21人が本棚に入れています
本棚に追加
飛呂と出会った翌日。
登校中、なんとなく視線を感じて振り返るが誰もいない。
こんな朝っぱらからストーカーなんて変態はいないだろうし。
「わ、わぁー!」
思い切って角で待ち伏せしてみると見慣れない女子生徒。
真っ黒で長い髪は二つに束ねられ、私より少し背が高くスタイルがいい。
「…何か用だった?」
人の顔を見るなり大声で叫ぶなんて失礼な奴。
「ごめんなさい、ごめんなさい」
ものすごい勢いでブンブン頭を下げられる。
…なんか私、いじめてるみたいじゃない?
幸い、辺りに人はいないみたいだけど良い気はしない。
「それで何?」
頭を下げるのをやめた女子生徒が泣きそうな目で私を見てくる。
ちょ、そんなに言い方怖かったかな。
よく無愛想だとか、近寄るなオーラ全開だねとは言われるけどさ。
「ま、迷子になっちゃったんですー!!」
「は?」
急に抱きつかれて大泣きされる。
無理やり引き離すこともできず、とりあえず背中をさすってやった。
しばらくすると落ち着いたようなので詳しく話を聞いてみると、どうやら白浜高校への転校生らしい。

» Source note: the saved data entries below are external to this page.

(* Consider $n$ parallel roads (indexed by $i\in[n]$) shared by $m$ vehicle types (indexed by $j\in[m]$), vehicle type $j$ having demand $\bar f^j\ge0$. A feasible routing is $f=(f^j_i)$ with $f^j_i\ge0$ and $\sum_i f^j_i=\bar f^j$ for each $j$. Road $i$ has latency $\ell_i(f)=b_i+\sum_j a^j_i f^j_i$ with constants $a^j_i\ge0$, $b_i\ge0$, and the social cost is $J(f)=\sum_i\big(\sum_j f^j_i\big)\ell_i(f)$. Then there exists a feasible routing $f$ minimizing $J$ such that no two distinct vehicle types $j\neq j'$ share more than one road with positive flow of both, i.e. there are no two distinct roads $i\neq i'$ with $f^j_i,f^{j'}_i,f^j_{i'},f^{j'}_{i'}>0$.
   Context: Parallel-road network with multiple vehicle types, affine road latencies with type-dependent coefficients, and social cost equal to total latency. *)

From mathcomp Require Import all_boot all_order all_algebra.
From mathcomp Require Import reals.
Set Implicit Arguments. Unset Strict Implicit. Unset Printing Implicit Defensive.
Import Order.TTheory GRing.Theory Num.Theory.
Local Open Scope ring_scope.

(* A routing: f j i = flow of vehicle type j on road i. *)
Definition routing (R : realType) (n m : nat) := 'I_m -> 'I_n -> R.

Definition feasible (R : realType) (n m : nat) (fbar : 'I_m -> R)
  (f : routing R n m) : Prop :=
  (forall j i, 0 <= f j i) /\ (forall j, \sum_(i < n) f j i = fbar j).

Definition latency (R : realType) (n m : nat) (a : 'I_m -> 'I_n -> R)
  (b : 'I_n -> R) (f : routing R n m) (i : 'I_n) : R :=
  b i + \sum_(j < m) a j i * f j i.

Definition social_cost (R : realType) (n m : nat) (a : 'I_m -> 'I_n -> R)
  (b : 'I_n -> R) (f : routing R n m) : R :=
  \sum_(i < n) (\sum_(j < m) f j i) * latency a b f i.

(* A minimizer of J exists because the feasible routings form a compact set
   (a closed subset of a product of segments) on which J is continuous.
   Suppose a minimizer has types j <> j' both positive on roads i <> i'.
   Moving e units of type j from road i to road i', and e units of type j'
   from road i' to road i, leaves the total flow of every road unchanged; as
   each latency is affine, J is then affine in e.  Possibly exchanging j and
   j', its slope is nonpositive, and the largest admissible e empties one of
   the four cells without making any cell positive that was not already so.
   The result is a minimizer with strictly smaller support, so a minimizer of
   smallest support has the required property. *)

From mathcomp Require Import all_boot all_order all_algebra.
From mathcomp Require Import reals.
From mathcomp Require Import boolp classical_sets topology normedtype derive.
From mathcomp Require Import lra ring.
Set Implicit Arguments. Unset Strict Implicit. Unset Printing Implicit Defensive.
Import Order.TTheory GRing.Theory Num.Theory.
Import numFieldNormedType.Exports.
Local Open Scope ring_scope.

Lemma sumr_indicator (R : nzSemiRingType) (T : finType) (x : T) :
  \sum_(y : T) ((y == x)%:R : R) = 1.
Proof. by rewrite (bigD1 x) //= eqxx big1 ?addr0 // => y /negbTE ->. Qed.

Section Rerouting.
Variables (R : realType) (n m : nat) (fbar : 'I_m -> R).
Variables (a : 'I_m -> 'I_n -> R) (b : 'I_n -> R).
Implicit Types (f g d : routing R n m) (e : R) (j k : 'I_m) (i l : 'I_n).

Definition road_flow f i := \sum_(j < m) f j i.

Definition reroute f d e : routing R n m := fun j i => f j i + e * d j i.

Definition cost_slope f d :=
  \sum_(i < n) road_flow f i * \sum_(j < m) a j i * d j i.

Lemma social_cost_reroute f d e : (forall i, road_flow d i = 0) ->
  social_cost a b (reroute f d e) = social_cost a b f + e * cost_slope f d.
Proof.
move=> d_flow0; rewrite /social_cost /cost_slope mulr_sumr -big_split /=.
apply: eq_bigr => i _.
have -> : \sum_j reroute f d e j i = road_flow f i.
  by rewrite big_split /= -mulr_sumr [X in e * X]d_flow0 mulr0 addr0.
have -> : latency a b (reroute f d e) i =
          latency a b f i + e * \sum_j a j i * d j i.
  rewrite /latency /reroute mulr_sumr -addrA -big_split /=.
  by congr (_ + _); apply: eq_bigr => j _; ring.
rewrite /road_flow; ring.
Qed.

Lemma feasible_reroute f d e : feasible fbar f ->
  (forall j, \sum_(i < n) d j i = 0) -> (forall j i, 0 <= reroute f d e j i) ->
  feasible fbar (reroute f d e).
Proof.
move=> [_ f_sum] d_sum0 ge0; split=> // j.
by rewrite big_split /= -mulr_sumr d_sum0 mulr0 addr0 f_sum.
Qed.

Definition swap_cycle j (j' : 'I_m) i (i' : 'I_n) : routing R n m :=
  fun k l => ((k == j)%:R - (k == j')%:R) * ((l == i')%:R - (l == i)%:R).

Lemma swap_cycle_row_sum j (j' : 'I_m) i (i' : 'I_n) k :
  \sum_(l < n) swap_cycle j j' i i' k l = 0.
Proof. by rewrite -mulr_sumr sumrB !sumr_indicator subrr mulr0. Qed.

Lemma swap_cycle_road_flow j (j' : 'I_m) i (i' : 'I_n) l :
  road_flow (swap_cycle j j' i i') l = 0.
Proof. by rewrite /road_flow -mulr_suml sumrB !sumr_indicator subrr mul0r. Qed.

Lemma cost_slope_swap_cycleC f j (j' : 'I_m) i (i' : 'I_n) :
  cost_slope f (swap_cycle j' j i i') = - cost_slope f (swap_cycle j j' i i').
Proof.
rewrite /cost_slope -sumrN; apply: eq_bigr => l _; rewrite -mulrN -sumrN.
by congr (_ * _); apply: eq_bigr => k _; rewrite /swap_cycle; ring.
Qed.

Lemma swap_cycleE j (j' : 'I_m) i (i' : 'I_n) k l : j != j' -> i != i' ->
  swap_cycle j j' i i' k l =
    if ((k, l) == (j, i)) || ((k, l) == (j', i')) then -1
    else if ((k, l) == (j, i')) || ((k, l) == (j', i)) then 1 else 0.
Proof.
move=> /negbTE jj' /negbTE ii'; rewrite /swap_cycle !xpair_eqE.
have [-> | _] := eqVneq k j.
  rewrite jj' /=; have [-> | _] := eqVneq l i.
    by rewrite ii' /=; ring.
  by case: (l == i') => /=; ring.
have [_ | _] := eqVneq k j'.
  have [-> | _] := eqVneq l i.
    by rewrite ii' /=; ring.
  by case: (l == i') => /=; ring.
by rewrite /=; ring.
Qed.

Definition flow_support f := [set p : 'I_m * 'I_n | 0 < f p.1 p.2].

Definition share_roads f j j' i i' :=
  [/\ 0 < f j i, 0 < f j' i, 0 < f j i' & 0 < f j' i'].

Lemma share_roadsC f j j' i i' :
  share_roads f j j' i i' -> share_roads f j' j i i'.
Proof. by case. Qed.

Lemma reroute_swap_cycle f j j' i i' : j != j' -> i != i' ->
  feasible fbar f -> share_roads f j j' i i' ->
  cost_slope f (swap_cycle j j' i i') <= 0 ->
  exists g, [/\ feasible fbar g, social_cost a b g <= social_cost a b f &
                (#|flow_support g| < #|flow_support f|)%N].
Proof.
move=> jj' ii' feas_f [fji fj'i fji' fj'i'] slope_le0.
pose e := Num.min (f j i) (f j' i').
have e_gt0 : 0 < e by rewrite lt_min fji.
have e_le : e <= f j i /\ e <= f j' i' by rewrite !ge_min !lexx orbT.
have e_cell : e = f j i \/ e = f j' i'.
  by rewrite /e minEle; case: ifP; [left | right].
pose g := reroute f (swap_cycle j j' i i') e.
exists g; split.
- apply: feasible_reroute => // [k | k l]; first exact: swap_cycle_row_sum.
  have f_ge0 := feas_f.1 k l; rewrite /reroute swap_cycleE //.
  by case: ifP => [/orP[] /eqP[-> ->] | _]; [lra | lra | case: ifP => _; lra].
- rewrite social_cost_reroute; first by nra.
  exact: swap_cycle_road_flow.
- apply: proper_card; apply/fintype.properP; split.
    apply/fintype.subsetP => -[k l]; rewrite !inE /= /g /reroute swap_cycleE //.
    by case: ifP => _; [lra | case: ifP => [/orP[] /eqP[-> ->] | _] //; lra].
  case: e_cell => [e_ji | e_j'i'].
    by exists (j, i); rewrite !inE //= /g /reroute swap_cycleE // eqxx /=; lra.
  exists (j', i'); rewrite !inE //= /g /reroute swap_cycleE // eqxx orbT /=.
  lra.
Qed.

Definition optimal_routing f := feasible fbar f /\
  forall g, feasible fbar g -> social_cost a b f <= social_cost a b g.

Definition at_most_one_shared_road f :=
  forall j j' i i', j != j' -> i != i' -> ~ share_roads f j j' i i'.

Lemma optimal_routing_shrink f j j' i i' : j != j' -> i != i' ->
  optimal_routing f -> share_roads f j j' i i' ->
  exists g, optimal_routing g /\ (#|flow_support g| < #|flow_support f|)%N.
Proof.
move=> jj' ii' [feas_f min_f] shared.
have [g [feas_g cost_g supp_g]] : exists g, [/\ feasible fbar g,
    social_cost a b g <= social_cost a b f &
    (#|flow_support g| < #|flow_support f|)%N].
  have [slope_le0 | slope_gt0] := lerP (cost_slope f (swap_cycle j j' i i')) 0.
    exact: reroute_swap_cycle jj' ii' feas_f shared slope_le0.
  have j'j : j' != j by rewrite eq_sym.
  apply: (reroute_swap_cycle j'j ii' feas_f (share_roadsC shared)).
  by rewrite cost_slope_swap_cycleC oppr_le0 ltW.
by exists g; split=> //; split=> // h /min_f; apply: le_trans.
Qed.

Lemma optimal_routing_at_most_one_shared_road f : optimal_routing f ->
  exists g, optimal_routing g /\ at_most_one_shared_road g.
Proof.
have [k] := ubnP #|flow_support f|; elim: k f => // k IH f supp_f opt_f.
have [//|no_good] :=
  pselect (exists g, optimal_routing g /\ at_most_one_shared_road g).
exists f; split=> // j j' i i' jj' ii' shared.
have [g [opt_g supp_g]] := optimal_routing_shrink jj' ii' opt_f shared.
by apply: no_good; apply: (IH g) => //; apply: leq_trans supp_g _.
Qed.

End Rerouting.

Local Open Scope classical_set_scope.

Section Existence.
Import ArrowAsProduct.

Lemma continuous_entry (I J : eqType) (T : topologicalType) (i : I) (j : J) :
  continuous (fun f : I -> J -> T => f i j).
Proof.
move=> f; pose row (g : I -> J -> T) := g i.
by apply: (@continuous_comp _ _ _ row (fun h => h j)); exact: proj_continuous.
Qed.
Arguments continuous_entry {I J T} i j.

Lemma continuous_sumr (K : numFieldType) (T : topologicalType) (I : Type)
    (r : seq I) (F : I -> T -> K) :
  (forall i, continuous (F i)) -> continuous (fun x => \sum_(i <- r) F i x).
Proof.
by move=> F_cont; apply: continuous_big => //; exact: add_continuous.
Qed.

Lemma continuous_mulr (K : numFieldType) (T : topologicalType) (s t : T -> K) :
  continuous s -> continuous t -> continuous (fun x => s x * t x).
Proof. by move=> s_cont t_cont x; apply: continuousM (s_cont x) (t_cont x). Qed.

Variables (R : realType) (n m : nat) (fbar : 'I_m -> R).
Variables (a : 'I_m -> 'I_n -> R) (b : 'I_n -> R).

Lemma continuous_social_cost :
  continuous (social_cost a b : ('I_m -> 'I_n -> R) -> R).
Proof.
rewrite /social_cost /latency; apply: continuous_sumr => i.
apply: continuous_mulr.
  by apply: continuous_sumr => j; exact: continuous_entry.
move=> f; apply: continuousD; first exact: cst_continuous.
apply: continuous_sumr => j.
by apply: continuous_mulr; [exact: cst_continuous | exact: continuous_entry].
Qed.

Lemma closed_feasible : closed [set f : 'I_m -> 'I_n -> R | feasible fbar f].
Proof.
have -> : [set f : 'I_m -> 'I_n -> R | feasible fbar f] =
    \bigcap_(p in [set: 'I_m * 'I_n]) [set f | 0 <= f p.1 p.2] `&`
    \bigcap_(j in [set: 'I_m]) [set f | \sum_(i < n) f j i = fbar j].
  apply/seteqP; split=> f /=.
    by case=> f_ge0 f_sum; split=> [[j i] _ | j _] /=.
  by case=> f_ge0 f_sum; split=> [j i | j]; [exact: (f_ge0 (j, i)) | exact: f_sum].
apply: closedI; apply: closed_bigI.
  move=> [j i] _.
  exact: preimage_closed (fun f _ => continuous_entry j i f) (@closed_ge _ 0).
move=> j _.
have sum_cont : continuous (fun f : 'I_m -> 'I_n -> R => \sum_(i < n) f j i).
  exact: continuous_sumr (continuous_entry j).
exact: preimage_closed (fun f _ => sum_cont f) (@closed_eq _ (fbar j)).
Qed.

Lemma compact_feasible : compact [set f : 'I_m -> 'I_n -> R | feasible fbar f].
Proof.
have box_compact : compact [set f : 'I_m -> 'I_n -> R |
    forall j, [set g : 'I_n -> R | forall i, `[0, fbar j]%classic (g i)] (f j)].
  exact: tychonoff (fun j =>
    tychonoff (fun i : 'I_n => @segment_compact R 0 (fbar j))).
apply: subclosed_compact closed_feasible box_compact _ => f [f_ge0 f_sum] j i.
rewrite /= in_itv /= f_ge0 -(f_sum j) (bigD1 i) //= lerDl.
by apply: sumr_ge0 => k _.
Qed.

Lemma exists_optimal_routing : (exists f : routing R n m, feasible fbar f) ->
  exists f, optimal_routing fbar a b f.
Proof.
move=> [f0 feas_f0].
have [|f] := compact_EVT_min _ compact_feasible
  (continuous_subspaceT continuous_social_cost); first by exists f0.
rewrite inE => feas_f min_f; exists f; split=> // g feas_g.
by apply: min_f; rewrite inE.
Qed.

End Existence.

Theorem corollary1 (R : realType) (n m : nat)
  (fbar : 'I_m -> R) (a : 'I_m -> 'I_n -> R) (b : 'I_n -> R)
  (hfbar : forall j, 0 <= fbar j)
  (ha : forall j i, 0 <= a j i) (hb : forall i, 0 <= b i)
  (hfeas : exists f : routing R n m, feasible fbar f) :
  exists f : routing R n m,
    [/\ feasible fbar f,
        (forall g : routing R n m, feasible fbar g ->
           social_cost a b f <= social_cost a b g) &
        (forall (j j' : 'I_m) (i i' : 'I_n), j != j' -> i != i' ->
           ~ [/\ 0 < f j i, 0 < f j' i, 0 < f j i' & 0 < f j' i'])].
Proof.
have [f0 opt_f0] := exists_optimal_routing a b hfeas.
have [f [[feas_f min_f] one_shared]] :=
  optimal_routing_at_most_one_shared_road opt_f0.
by exists f.
Qed.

初登校ということではりきっていたのだが(余計な説明が多かったが要約するとこんなもの)、はりきりすぎて迷子になってしまったらしい。
それで同じ制服を着た私をこっそりつけているとバレて、怒られると思ったらそうでもなくて安心して泣いてしまった。
ため息をつきたいのを我慢して一緒に学校へ行くことにした。
最初のコメントを投稿しよう!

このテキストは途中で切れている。